陈思牧皱了皱眉,又敲了一下樑泊言的脑门,低声对梁泊言说:「你闭嘴吧,长点脑子,别他妈瞎说话。」
梁泊言被陈思牧说没脑子,大为不满,更不知道自己讲话哪里有问题:「怎么了我?」
陈思牧又靠近一些,在梁泊言耳边说:「你跟的那个男人喜欢梁泊言。你可能就是因为长得像梁泊言才被包的。」
梁泊言:「……」
不是,这种传闻不是只流传在小范围内的吗?顶多只是李昭认识的人之间、影视圈里传一传,陈思牧这种人连娱乐圈的边都沾不上,怎么还能听说这种东西。

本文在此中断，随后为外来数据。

Lemma mx2_rad_basis : mx2_rad A = Num.sqrt
    ((qform A (perp c) (perp c) - qform A c c) ^+ 2 + 4 * qform A c (perp c) ^+ 2)
  / (2 * normv c ^+ 2).
Proof.
have c2_gt0 := normv_sqr_gt0 c_neq0.
set D := (_ - _) ^+ 2 + _.
have D_ge0 : 0 <= D by rewrite /D addr_ge0 ?sqr_ge0 // mulr_ge0 ?sqr_ge0.
rewrite /mx2_rad.
have -> : ((A 0 0 - A 1 1) / 2) ^+ 2 + A 0 1 ^+ 2 = D / (2 * normv c ^+ 2) ^+ 2.
  move: c2_gt0; rewrite /D normv_sqr !qformE !mxE (sym_mx2E symA) dotvE /= => c2_gt0.
  by field; exact: lt0r_neq0.
by rewrite sqrtrM // sqrtrV ?sqr_ge0 // sqrtr_sqr gtr0_norm // mulr_gt0.
Qed.

End Basis.

End SymmetricMx2.

Section SqrtBounds.
Variable R : rcfType.
Implicit Types y r : R.

Let four_sqr_ge0 r : 0 <= 4 * r ^+ 2.
Proof. by rewrite mulr_ge0 // sqr_ge0. Qed.

Lemma sqrt_sqr_addr_ge y r : 0 <= y -> y <= Num.sqrt (y ^+ 2 + 4 * r ^+ 2).
Proof.
move=> y_ge0; rewrite -[X in X <= _](ger0_norm y_ge0) -sqrtr_sqr.
by rewrite ler_sqrt ?lerDl ?addr_ge0 ?sqr_ge0.
Qed.

Lemma sqrt_sqr_addr_le y r : 0 <= y -> Num.sqrt (y ^+ 2 + 4 * r ^+ 2) <= y + 2 * `|r|.
Proof.
move=> y_ge0; have yr_ge0 : 0 <= y + 2 * `|r| by rewrite addr_ge0 ?mulr_ge0.
rewrite -[X in _ <= X](ger0_norm yr_ge0) -(sqrtr_sqr (y + 2 * `|r|)) ler_sqrt ?sqr_ge0 //.
have r2 : r ^+ 2 = `|r| ^+ 2 by rewrite real_normK ?num_real.
have := normr_ge0 r; nra.
Qed.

「你不要胡说八道。」梁泊言佯装淡定,「成天听些什么乱七八糟的东西。」
「你俩吃个烧烤要这么近吗?」李昭突然说。
陈思牧连忙躲开,离梁泊言三丈远,凳子都快挪到刚打完架的隔壁桌去了。又低头给梁泊言转发了一个营销号的消息:「你自己看。」
梁泊言回覆:「我就不看了。谢谢你给我当鸭子的职业生涯出谋划策。」
李昭也在给梁泊言发消息:「不要随便跟人说你的身份。」
「但我真的是梁泊言啊。」他不知死活,「你看我刚刚大庭广众说出来了,也没人要把我抓走去做人体研究。」
「总有一天会有人把你抓走的,」李昭说,「你知道那些明星有多努力打肉毒桿菌做热玛吉超声刀吗,脸都打僵了。凭什么你就能回到以前的状态。」
这的确是一种幸运,无论给梁泊言带来多少不便,他都无法否认。改变的不仅仅是容貌,还有乍然间多出来的,这么多的光阴。